Myopic, with very limited time horizon and knowledge of history and think that this will not even be a severe recession, let alone depression. This movie will keep playing all the way into the Greater Depression and then the gloom will set among America’s “I am an optimist.”

Jas

They are not dealing with the solvency issue.

Government can force all lending to be kept at less than 2%. They could also legally limit credit spreads at 2%.

But as long as government forces artificially low rates, investors will retreat and this implies even more government intervention.

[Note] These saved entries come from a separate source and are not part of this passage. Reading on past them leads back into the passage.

(* Let $\mathbb F$ be a field of characteristic $2$, let $S=\{R_0,\dots,R_d\}$ be a quasi-thin scheme on $X$, $x\in X$, $\mathcal T=\mathcal T(x)$, and $E_a^*=E_a^*(x)$. Then the Jacobson radical of $\mathcal T$ equals $$\mathcal J_1=\bigl\langle \{E_a^*JE_b^*: R_a,R_b\in S,\ \max\{k_a,k_b\}=2\}\bigr\rangle_{\mathbb F},$$ where $J$ is the all-ones matrix.
   Context: Let $X$ be a nonempty finite set. A scheme of class $d$ on $X$ is a partition $S=\{R_0,\dots,R_d\}$ of $X\times X$ into nonempty sets such that $R_0=\{(b,b):b\in X\}$; for each $c$ there is $c'$ with $R_{c'}=\{(f,e):(e,f)\in R_c\}$; and for all $i,j,k$ the intersection number $p_{ij}^k=|\{\ell\in X:(m,\ell)\in R_i,(\ell,n)\in R_j\}|$ does not depend on $(m,n)\in R_k$. The valency of $R_a$ is $k_a=p_{aa'}^0$; $S$ is quasi-thin if all $k_a\le 2$. For $y\in X$, $yR_a=\{z:(y,z)\in R_a\}$. $A_a\in M_X(\mathbb F)$ is the $(0,1)$ adjacency matrix of $R_a$ and $E_a^*(y)$ is the diagonal $(0,1)$-matrix with ones exactly at positions indexed by $yR_a$. The Terwilliger $\mathbb F$-algebra $\mathcal T(y)$ is the $\mathbb F$-subalgebra of $M_X(\mathbb F)$ generated by $A_0,\dots,A_d,E_0^*(y),\dots,E_d^*(y)$. $\langle Y\rangle_{\mathbb F}$ denotes $\mathbb F$-linear span (the zero space if $Y$ is empty). *)

From HB Require Import structures.
From mathcomp Require Import all_boot all_order all_algebra.
Set Implicit Arguments. Unset Strict Implicit. Unset Printing Implicit Defensive.
Import GRing.Theory.
Local Open Scope ring_scope.

(* The finite set X is modelled as 'I_n; a partition of X x X into
   R_0,...,R_d is given by the map r : X -> X -> 'I_d.+1 with
   R_a = [set (y,z) | r y z == a]. *)

Definition rel_class n d (r : 'I_n -> 'I_n -> 'I_d.+1) (a : 'I_d.+1) (y : 'I_n) :
  {set 'I_n} := [set z | r y z == a].

Definition inter_count n d (r : 'I_n -> 'I_n -> 'I_d.+1) (i j : 'I_d.+1)
  (m m' : 'I_n) : nat := #|[set l | (r m l == i) && (r l m' == j)]|.

Definition is_scheme n d (r : 'I_n -> 'I_n -> 'I_d.+1) : Prop :=
  [/\ (0 < n)%N,
      forall a : 'I_d.+1, exists y z, r y z = a,
      forall y z, (r y z == ord0) = (y == z),
      forall c : 'I_d.+1, exists c' : 'I_d.+1, forall y z, r y z = c <-> r z y = c' &
      forall i j k : 'I_d.+1, exists p : nat,
        forall m m', r m m' = k -> inter_count r i j m m' = p].

(* valency k_a = p_{aa'}^0 = |y R_a| for any y (for a scheme independent of y) *)
Definition valency n d (r : 'I_n -> 'I_n -> 'I_d.+1) (y : 'I_n) (a : 'I_d.+1) : nat :=
  #|rel_class r a y|.

Definition quasi_thin n d (r : 'I_n -> 'I_n -> 'I_d.+1) : Prop :=
  forall (y : 'I_n) (a : 'I_d.+1), (valency r y a <= 2)%N.

Definition adjmx (F : fieldType) n d (r : 'I_n -> 'I_n -> 'I_d.+1) (a : 'I_d.+1)
  : 'M[F]_n := \matrix_(i, j) (r i j == a)%:R.

Definition dualidem (F : fieldType) n d (r : 'I_n -> 'I_n -> 'I_d.+1) (x : 'I_n)
  (a : 'I_d.+1) : 'M[F]_n := \matrix_(i, j) ((i == j) && (r x i == a))%:R.

Definition onesmx (F : fieldType) n : 'M[F]_n := const_mx 1.

Inductive terwilliger (F : fieldType) n d (r : 'I_n -> 'I_n -> 'I_d.+1) (x : 'I_n)
  : 'M[F]_n -> Prop :=
| T_one : terwilliger r x 1%:M
| T_adj a : terwilliger r x (adjmx F r a)
| T_dual a : terwilliger r x (dualidem F r x a)
| T_add M N : terwilliger r x M -> terwilliger r x N -> terwilliger r x (M + N)
| T_scale (c : F) M : terwilliger r x M -> terwilliger r x (c *: M)
| T_mul M N : terwilliger r x M -> terwilliger r x N -> terwilliger r x (M *m N).

Definition left_ideal (F : fieldType) n (A L : 'M[F]_n -> Prop) : Prop :=
  [/\ forall M, L M -> A M,
      L 0,
      forall M N, L M -> L N -> L (M + N) &
      forall M N, A M -> L N -> L (M *m N)].

Definition maximal_left_ideal (F : fieldType) n (A L : 'M[F]_n -> Prop) : Prop :=
  [/\ left_ideal A L,
      exists M, A M /\ ~ L M &
      forall L', left_ideal A L' -> (forall M, L M -> L' M) ->
        (forall M, L' M <-> L M) \/ (forall M, L' M <-> A M)].

Definition jacobson_radical (F : fieldType) n (A : 'M[F]_n -> Prop) : 'M[F]_n -> Prop :=
  fun M => A M /\ forall L, maximal_left_ideal A L -> L M.

Definition J1 (F : fieldType) n d (r : 'I_n -> 'I_n -> 'I_d.+1) (x : 'I_n)
  : 'M[F]_n -> Prop :=
  fun M => exists c : 'I_d.+1 -> 'I_d.+1 -> F,
    M = \sum_(a : 'I_d.+1) \sum_(b : 'I_d.+1 | maxn (valency r x a) (valency r x b) == 2%N)
          c a b *: (dualidem F r x a *m onesmx F n *m dualidem F r x b).

From mathcomp Require Import all_boot all_order all_algebra.
From Stdlib Require Import Classical.
Set Implicit Arguments. Unset Strict Implicit. Unset Printing Implicit Defensive.
Import GRing.Theory.
Local Open Scope ring_scope.
Definition colon (M : K -> Prop) (b : K) : K -> Prop := fun x => E x /\ M (x * b).

Lemma colon_ideal M b : ideal E M -> ideal E (colon M b).
Proof.
move=> [[M0 [MD MM]] _]; split; last by move=> x [].
split; first by split=> //; rewrite mul0r.
split=> [x y [Ex Mx] [Ey My]|a x Ea [Ex Mx]]; split; first exact: ED.
- by rewrite mulrDl; apply: MD.
- exact: EM.
- by rewrite -mulrA; apply: MM.
Qed.

Lemma sub_colon M b : ideal E M -> E b -> subsetK M (colon M b).
Proof. by move=> [[_ [_ MM]] ME] Eb x Mx; split; [apply: ME | rewrite mulrC; apply: MM]. Qed.

(* [J <= M : b] gives [b J <= M], and [(b J)_v = b J_v]. *)
Lemma colon_t_ideal M b : ideal E M -> is_t_ideal E M -> E b -> b != 0 ->
  is_t_ideal E (colon M b).
Proof.
move=> hM Mt Eb b_neq0; have [[M0 [MD MM]] ME] := hM.
have [z [Mz z_neq0]] : nonzero_set M by case: Mt => [[_ [h _]] _].
apply: t_ideal_intro; [exact: colon_ideal | by exists z; split=> //; apply: sub_colon |].
move=> J [[_ [[w [Jw w_neq0]] _]] [s Js]] J_colon x Jv_x.
have JE : subsetK J E by move=> u /J_colon [].
split; first exact: (v_ideal_integral JE Jv_x).
pose Jb := span_of E [seq u * b | u <- s].
have JbM : subsetK Jb M.
  apply: span_of_min; first by split.
  by move=> _ /mapP [u su ->]; apply: (proj2 (J_colon u _)); apply/Js; apply: span_of_mem.
apply: (t_ideal_v_closed Mt _ JbM).
  split; last by exists [seq u * b | u <- s].
  apply: ideal_frac_ideal; first by split; [exact: span_of_submodule | move=> u /JbM /ME].
  by exists (w * b); split; [apply: span_of_mulr; apply/Js | rewrite mulf_neq0].
move=> y Jb_y; rewrite -mulrA; apply: Jv_x => u Ju.
by rewrite -mulrA mulrCA [b * u]mulrC; apply: Jb_y; apply: span_of_mulr; apply/Js.
Qed.
(* Let $(X,\beta,m)$ be a non-atomic standard probability space, $\tau$ an ergodic invertible measure-preserving map of $X$, and $(\epsilon_n)_{n\ge1}$ a sequence decreasing to $0$ with $0<\epsilon_n\le1$ for all $n$. Then there is a decreasing sequence $(B_n)_{n\ge1}$ of measurable sets with $\lim_n m(B_n)=0$ and $m(B_n)\ge\epsilon_n$ for all $n$, which is an a.e. invisible measure-theoretic shrinking target for $\tau$: for a.e. $x\in X$, $\tau^n(x)\in B_n$ for only finitely many $n$.
   Context: A measure-theoretic shrinking target is a decreasing sequence of measurable sets $(B_n)$ with $m(B_n)\to0$. *)

From HB Require Import structures.
From mathcomp Require Import all_boot all_order all_algebra.
From mathcomp Require Import all_classical all_reals all_analysis.
Set Implicit Arguments. Unset Strict Implicit. Unset Printing Implicit Defensive.
Import Order.TTheory GRing.Theory Num.Theory.
Local Open Scope classical_set_scope.
Local Open Scope ring_scope.

(* Standard Borel space: Borel-isomorphic to a Borel subset of R
   (equivalent, by Kuratowski, to being Borel-isomorphic to a Borel subset
   of a Polish space). *)
Definition standard_borel {d : measure_display} (X : measurableType d)
  (R : realType) : Prop :=
  exists f : X -> R,
    [/\ injective f, measurable_fun setT f, measurable (f @` setT) &
        forall A : set X, measurable A -> measurable (f @` A)].

Definition non_atomic {d : measure_display} (X : measurableType d)
  (R : realType) (m : set X -> \bar R) : Prop :=
  forall A : set X, measurable A -> (0 < m A)%E ->
    exists2 B : set X, measurable B /\ B `<=` A & (0 < m B)%E /\ (m B < m A)%E.

Definition invertible_mp {d : measure_display} (X : measurableType d)
  (R : realType) (m : set X -> \bar R) (tau : X -> X) : Prop :=
  exists sigma : X -> X,
    [/\ cancel tau sigma, cancel sigma tau,
        measurable_fun setT tau, measurable_fun setT sigma &
        forall A : set X, measurable A -> m (tau @^-1` A) = m A].

Definition ergodic {d : measure_display} (X : measurableType d)
  (R : realType) (m : set X -> \bar R) (tau : X -> X) : Prop :=
  forall A : set X, measurable A -> tau @^-1` A = A ->
    m A = 0%E \/ m A = 1%E.

From HB Require Import structures.
From mathcomp Require Import all_boot all_order all_algebra.
From mathcomp Require Import all_classical all_reals all_analysis.
From mathcomp Require Import lra zify.
Set Implicit Arguments.
Unset Strict Implicit.
Unset Printing Implicit Defensive.
Import Order.TTheory GRing.Theory Num.Theory.
Local Open Scope classical_set_scope.
Local Open Scope ring_scope.
(* Let $a,b\ge1$, $P=[a]\times[b]$, $n=a+b$. For every $f\in(\mathbb R^+)^P$, if $Q(f)=(q_1,q_2,\dots,q_n)$ then $Q(\pi_{\mathcal B}f)=(q_2,q_3,\dots,q_n,q_1)$.
   Context: $[a]\times[b]=\{(i,j)\in\mathbb Z^2:1\le i\le a,\ 1\le j\le b\}$ with the product order. Let $\widehat P=P\cup\{\hat0,\hat1\}$ with $\hat0<x<\hat1$ for all $x\in P$; write $y\lessdot x$ for covering relations; $x^+=\{y\in\widehat P:y\gtrdot x\}$, $x^-=\{y\in\widehat P:y\lessdot x\}$. Each $f:P\to\mathbb R^+$ is extended by $\hat f(\hat0)=\hat f(\hat1)=1$. Parallel sum: $s_1\parallel\cdots\parallel s_m=(1/s_1+\cdots+1/s_m)^{-1}$. The birational toggle $\tau_x$ changes only the value at $x$: $(\tau_xf)(x)=\frac{1}{f(x)}\bigl(\sum_{y\in x^-}\hat f(y)\bigr)\bigl(\|_{y\in x^+}\hat f(y)\bigr)$. The $k$-th file ($1\le k\le n-1$) is $\{(i,j)\in P:j-i+a=k\}$; $\tau^*_k$ is the composition of the toggles over file $k$; birational promotion is $\pi_{\mathcal B}=\tau^*_{n-1}\circ\cdots\circ\tau^*_1$. For $f\in(\mathbb R^+)^P$ let $p_k=\prod_{x\in\text{file }k}f(x)$ for $1\le k\le n-1$, $p_0=p_n=1$, $q_k=p_k/p_{k-1}$ for $1\le k\le n$; $Q(f)=(q_1,\dots,q_n)$. *)

From HB Require Import structures.
From mathcomp Require Import all_boot all_order all_algebra.
Set Implicit Arguments. Unset Strict Implicit. Unset Printing Implicit Defensive.
Import Order.TTheory GRing.Theory Num.Theory.
Local Open Scope ring_scope.

(* The poset P = [a] x [b]; element (i0, j0) : 'I_a * 'I_b stands for the
   pair (i, j) = (i0 + 1, j0 + 1). *)
Definition grid (a b : nat) : finType := ('I_a * 'I_b)%type.

Definition grid_le (a b : nat) (x y : grid a b) : bool :=
  ((nat_of_ord x.1 <= nat_of_ord y.1)%N && (nat_of_ord x.2 <= nat_of_ord y.2)%N).

(* P-hat = P plus 0-hat and 1-hat, encoded as option (option P):
   None = 0-hat, Some None = 1-hat, Some (Some x) = x. *)
Definition hat (a b : nat) : finType := option (option (grid a b)).
Definition hbot (a b : nat) : hat a b := None.
Definition htop (a b : nat) : hat a b := Some None.
Definition helt (a b : nat) (x : grid a b) : hat a b := Some (Some x).

Definition hat_le (a b : nat) (u v : hat a b) : bool :=
  match u, v with
  | None, _ => true
  | _, Some None => true
  | Some (Some x), Some (Some y) => grid_le x y
  | _, _ => false
  end.

Definition hat_lt (a b : nat) (u v : hat a b) : bool := hat_le u v && (u != v).

Definition hat_cover (a b : nat) (u v : hat a b) : bool :=
  hat_lt u v && ~~ [exists z : hat a b, hat_lt u z && hat_lt z v].

Definition fhat (R : realFieldType) (a b : nat) (f : grid a b -> R) (u : hat a b) : R :=
  match u with
  | Some (Some x) => f x
  | _ => 1
  end.

Definition toggle (R : realFieldType) (a b : nat) (x : grid a b) (f : grid a b -> R)
  : grid a b -> R :=
  fun z => if z == x then
     (f x)^-1 * (\sum_(y : hat a b | hat_cover y (helt x)) fhat f y)
              * (\sum_(y : hat a b | hat_cover (helt x) y) (fhat f y)^-1)^-1
   else f z.

Definition in_file (a b : nat) (k : nat) (x : grid a b) : bool :=
  ((nat_of_ord x.2 + a)%N == (k + nat_of_ord x.1)%N).

(* tau*_k : composition of the toggles over file k (they commute) *)
Definition file_toggle (R : realFieldType) (a b : nat) (k : nat) (f : grid a b -> R)
  : grid a b -> R :=
  foldr (fun x g => toggle x g) f (enum [pred x : grid a b | in_file k x]).
(* Consider the packet erasure broadcast model below with $n\ge 1$ receivers, operated under Algorithm 1 (drop when decoded), and assume $\lambda<\mu$. Then the expected size of the sender's physical queue in steady state is $\Omega\left(\frac{1}{(1-\rho)^2}\right)$ as $\rho=\lambda/\mu\to 1^-$, where $\lambda,\mu\in(0,1)$ and one of $\lambda,\mu$ is held fixed while the other varies so that $\rho$ increases to $1$.
   Context: Model: a sender broadcasts a stream of packets to $n$ receivers. Packets are fixed-length vectors over a finite field $\mathbb{F}_q$; the $k$-th packet to arrive at the sender is $\mathbf{p}_k$. Time is slotted. In each slot one new packet arrives at the sender with probability $\lambda$, independently across slots, just after the beginning of the slot. The sender has an unbounded queue (the physical queue); in each slot it may transmit one linear combination of the packets in its queue, whose coefficient vector with respect to the original packets is carried in the header. Each receiver independently receives the transmission with probability $\mu$ and otherwise suffers a (detectable) erasure; erasures are independent across receivers and slots. Feedback is perfect and reaches the sender before the end of the slot; packets are dropped from the queue just before the end of the slot; queue sizes are measured at the end of the slot. The load factor is $\rho=\lambda/\mu$. The knowledge space of a node is the space of coefficient vectors (with respect to the packets arrived so far) of linear combinations of packets it can compute; the sender's knowledge space after $A$ arrivals is $\mathbb{F}_q^A$. The virtual queue of receiver $j$ has size equal to the dimension of the sender's knowledge space minus that of receiver $j$'s. Algorithm 1: in each slot the sender transmits a random linear combination of all packets currently in its queue; the field is assumed large enough that every transmission is innovative (lies outside the knowledge space) for every receiver whose knowledge space differs from the sender's. A receiver reports decoding to the sender, and the sender regards a receiver as having decoded the packets only at times when that receiver's virtual queue becomes empty (earlier decodings are ignored). The sender drops a packet from its queue once all receivers have decoded it in this sense. *)

From HB Require Import structures.
From mathcomp Require Import all_boot all_order all_algebra.
From mathcomp Require Import reals.
Set Implicit Arguments. Unset Strict Implicit. Unset Printing Implicit Defensive.
Import Order.TTheory GRing.Theory Num.Theory.

Section Model.
Variable n : nat.

(* Random outcome of one slot: (new arrival?, which receivers got the
   transmission). *)
Definition slot : finType := (bool * {ffun 'I_n -> bool})%type.

(* System state at the end of a slot:
   - arrivals  = A, the number of packets arrived so far (the sender's
                 knowledge space is F_q^A);
   - vq j      = size of receiver j's virtual queue
                 = A - dim(knowledge space of receiver j);
   - decoded j = the number of packets the sender regards receiver j as
                 having decoded: the value of A at the last slot end at which
                 receiver j's virtual queue was empty (0 initially). *)
Record state := State {
  arrivals : nat;
  vq : {ffun 'I_n -> nat};
  decoded : {ffun 'I_n -> nat} }.

Definition init_state : state := State 0 [ffun => 0%N] [ffun => 0%N].

(* The arrival happens at the beginning of the slot, so it can be
   part of the transmitted combination.  Since every transmission is
   innovative for every receiver whose knowledge space differs from the
   sender's, receiver j's knowledge dimension grows by one iff it receives
   the packet and its virtual queue (after the arrival) is nonempty. *)
Definition step (s : state) (w : slot) : state :=
  let A' := (arrivals s + w.1)%N in
  let Q' := [ffun j => if (0 < vq s j + w.1)%N && w.2 j
                       then (vq s j + w.1).-1 else (vq s j + w.1)%N] in
  let D' := [ffun j => if Q' j == 0%N then A' else decoded s j] in
  State A' Q' D'.

Definition run (t : nat) (om : {ffun 'I_t -> slot}) : state :=
  foldl step init_state [seq om i | i <- enum 'I_t].

(* Packet k (1-based) is dropped once every receiver j has decoded it in the
   sender's sense, i.e. k <= decoded j for all j.  Hence the physical queue
   holds the packets k with min_j decoded j < k <= A. *)
Definition phys_queue (s : state) : nat :=
  (arrivals s - \big[minn/arrivals s]_(j < n) decoded s j)%N.

Variable R : realType.
Local Open Scope ring_scope.

Definition slot_prob (lam mu : R) (w : slot) : R :=
  (if w.1 then lam else 1 - lam) *
  \prod_(j < n) (if w.2 j then mu else 1 - mu).

Definition path_prob (lam mu : R) (t : nat) (om : {ffun 'I_t -> slot}) : R :=
  \prod_(i < t) slot_prob lam mu (om i).

Definition expected_queue (lam mu : R) (t : nat) : R :=
  \sum_(om : {ffun 'I_t -> slot}) path_prob lam mu om * (phys_queue (run om))%:R.

End Model.

From mathcomp Require Import all_boot all_order all_algebra.
From mathcomp Require Import reals.
From mathcomp Require Import ring lra zify.
Import Order.TTheory GRing.Theory Num.Theory.
Set Implicit Arguments. Unset Strict Implicit. Unset Printing Implicit Defensive.
Local Open Scope ring_scope.

(* Fix a receiver j.  The b packets that arrived since j's virtual queue was
   last empty cannot have been dropped, so b bounds the physical queue from
   below, and the pair (x, b), x the length of j's virtual queue, is a Markov
   chain; away from x = 0, x is a random walk with up and down probabilities
   pu = lam (1 - mu) and pd = mu (1 - lam).  For the Lyapunov function
   W (x, b) = b G(x) + alpha x - beta G(x), where G(x) = 1 + theta + ... +
   theta^(x-1) and theta = pu / pd, the one-step drift is at least
   gam - C b.  Telescoping from the empty state, with W <= M b and the
   monotonicity of t |-> E b_t (the chain is stochastically monotone and starts
   at its least state), gives t gam <= (M + C t) E b_t, hence E b_t >= gam / 2C
   for large t.  Finally gam / 2C = kappa / (1 - rho)^2, and kappa stays
   bounded away from 0 when either rate is fixed and rho -> 1. *)

Section PathSpace.
Variables (n : nat) (R : realType).

Definition path_snoc t (om : {ffun 'I_t -> slot n}) (w : slot n) :
  {ffun 'I_t.+1 -> slot n} :=
  [ffun i => oapp om w (insub (val i))].

Definition path_init t (f : {ffun 'I_t.+1 -> slot n}) : {ffun 'I_t -> slot n} :=
  [ffun i => f (widen_ord (leqnSn t) i)].

Lemma path_snoc_widen t om w (i : 'I_t) :
  path_snoc om w (widen_ord (leqnSn t) i) = om i.
Proof. by rewrite ffunE /= (valK i). Qed.

Lemma path_snoc_last t om w : path_snoc (t:=t) om w ord_max = w.
Proof. by rewrite ffunE /= insubN // ltnn. Qed.

Lemma path_initK t (f : {ffun 'I_t.+1 -> slot n}) :
  path_snoc (path_init f) (f ord_max) = f.
Proof.
apply/ffunP=> i; rewrite ffunE; case: insubP => [j /= _ ej|].
  by rewrite ffunE; congr (f _); apply: val_inj; rewrite /= ej.
rewrite -leqNgt => hi; congr (f _); apply: val_inj => /=.
by apply/eqP; rewrite eqn_leq hi -ltnS ltn_ord.
Qed.

Lemma path_snocK t om w : path_init (path_snoc (t:=t) om w) = om.
Proof. by apply/ffunP=> i; rewrite ffunE path_snoc_widen. Qed.

Lemma sum_path_snoc t (F : {ffun 'I_t.+1 -> slot n} -> R) :
  \sum_f F f = \sum_(om : {ffun 'I_t -> slot n}) \sum_(w : slot n) F (path_snoc om w).
Proof.
rewrite pair_bigA /= (reindex (fun p => path_snoc p.1 p.2)) //=.
exists (fun f => (path_init f, f ord_max)) => [[om w] _|f _] /=.
  by rewrite path_snocK path_snoc_last.
by rewrite path_initK.
Qed.

Lemma run_snoc t om w : run (path_snoc (t:=t) om w) = step (run om) w.
Proof.
rewrite /run enum_ordSr map_rcons -map_comp foldl_rcons path_snoc_last.
by congr (step (foldl _ _ _) _); apply: eq_map => i /=; rewrite path_snoc_widen.
Qed.

Lemma path_prob_snoc (l m : R) t om w :
  path_prob l m (path_snoc (t:=t) om w) = path_prob l m om * slot_prob l m w.
Proof.
rewrite /path_prob big_ord_recr path_snoc_last; congr (_ * _).
by apply: eq_bigr => i _; rewrite path_snoc_widen.
Qed.

End PathSpace.

Definition bern (R : realType) (p : R) (a : bool) : R := if a then p else 1 - p.

Lemma bern_ge0 (R : realType) (p : R) a : 0 <= p <= 1 -> 0 <= bern p a.
Proof. by case: a => /andP[? ?] /=; lra. Qed.

Section TransitionOperator.
Variables (R : realType) (S : Type) (next : S -> bool -> bool -> S) (l m : R).

(* The transition operator: iter t transop g z is the expectation of g after
   t steps from z. *)
Definition transop (g : S -> R) (z : S) : R :=
  \sum_(a : bool) \sum_(r : bool) bern l a * bern m r * g (next z a r).

Local Notation P := transop.

Lemma eq_transop f g z : f =1 g -> P f z = P g z.
Proof. by move=> e; apply: eq_bigr => a _; apply: eq_bigr => r _; rewrite e. Qed.

Lemma transop_lin (c1 c2 : R) f g z :
  P (fun y => c1 * f y + c2 * g y) z = c1 * P f z + c2 * P g z.
Proof.
rewrite /transop !mulr_sumr -big_split; apply: eq_bigr => a _.
rewrite !mulr_sumr -big_split; apply: eq_bigr => r _ /=; ring.
Qed.

Lemma transop_cst c z : P (fun=> c) z = c.
Proof. rewrite /transop !big_bool /bern /=; ring. Qed.

Lemma eq_iter_transop t f g z : f =1 g -> iter t P f z = iter t P g z.
Proof.
move=> e; elim: t z => [|t IH] z; first exact: e.
by rewrite !iterS; apply: eq_transop.
Qed.

Lemma iter_transop_lin t (c1 c2 : R) f g z :
  iter t P (fun y => c1 * f y + c2 * g y) z = c1 * iter t P f z + c2 * iter t P g z.
Proof.
elim: t z => [//|t IH] z.
by rewrite !iterS (eq_transop _ IH) transop_lin.
Qed.

Lemma iter_transop_cst t c z : iter t P (fun=> c) z = c.
Proof. by elim: t z => [//|t IH] z; rewrite iterS (eq_transop _ IH) transop_cst. Qed.

Lemma iter_transop_telescope t g z :
  iter t P g z = g z + \sum_(s < t) iter s P (fun y => P g y - g y) z.
Proof.
elim: t => [|t IH]; first by rewrite big_ord0 addr0.
rewrite big_ord_recr addrA -IH iterSr.
have := iter_transop_lin t 1 1 g (fun y => P g y - g y) z.
by rewrite !mul1r => <-; apply: eq_iter_transop => y; ring.
Qed.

sounds like the FED is doing a little selling of it's notes in order to provide this "unlimited liquidity"

Ciao
MS

They rang a bell already. We can all get back together in 3 to 5 years and throw another Virgin in the volcano...

Hysteresis rends the shorts to pieces.

Crisis will have subsided when real headlines stop reading like pieces in The Onion.

"Treasury to Invest in `Healthy' Banks, Kashkari Says", by Rebecca Christie and Robert Schmidt, Bloomberg, October 13, 2008.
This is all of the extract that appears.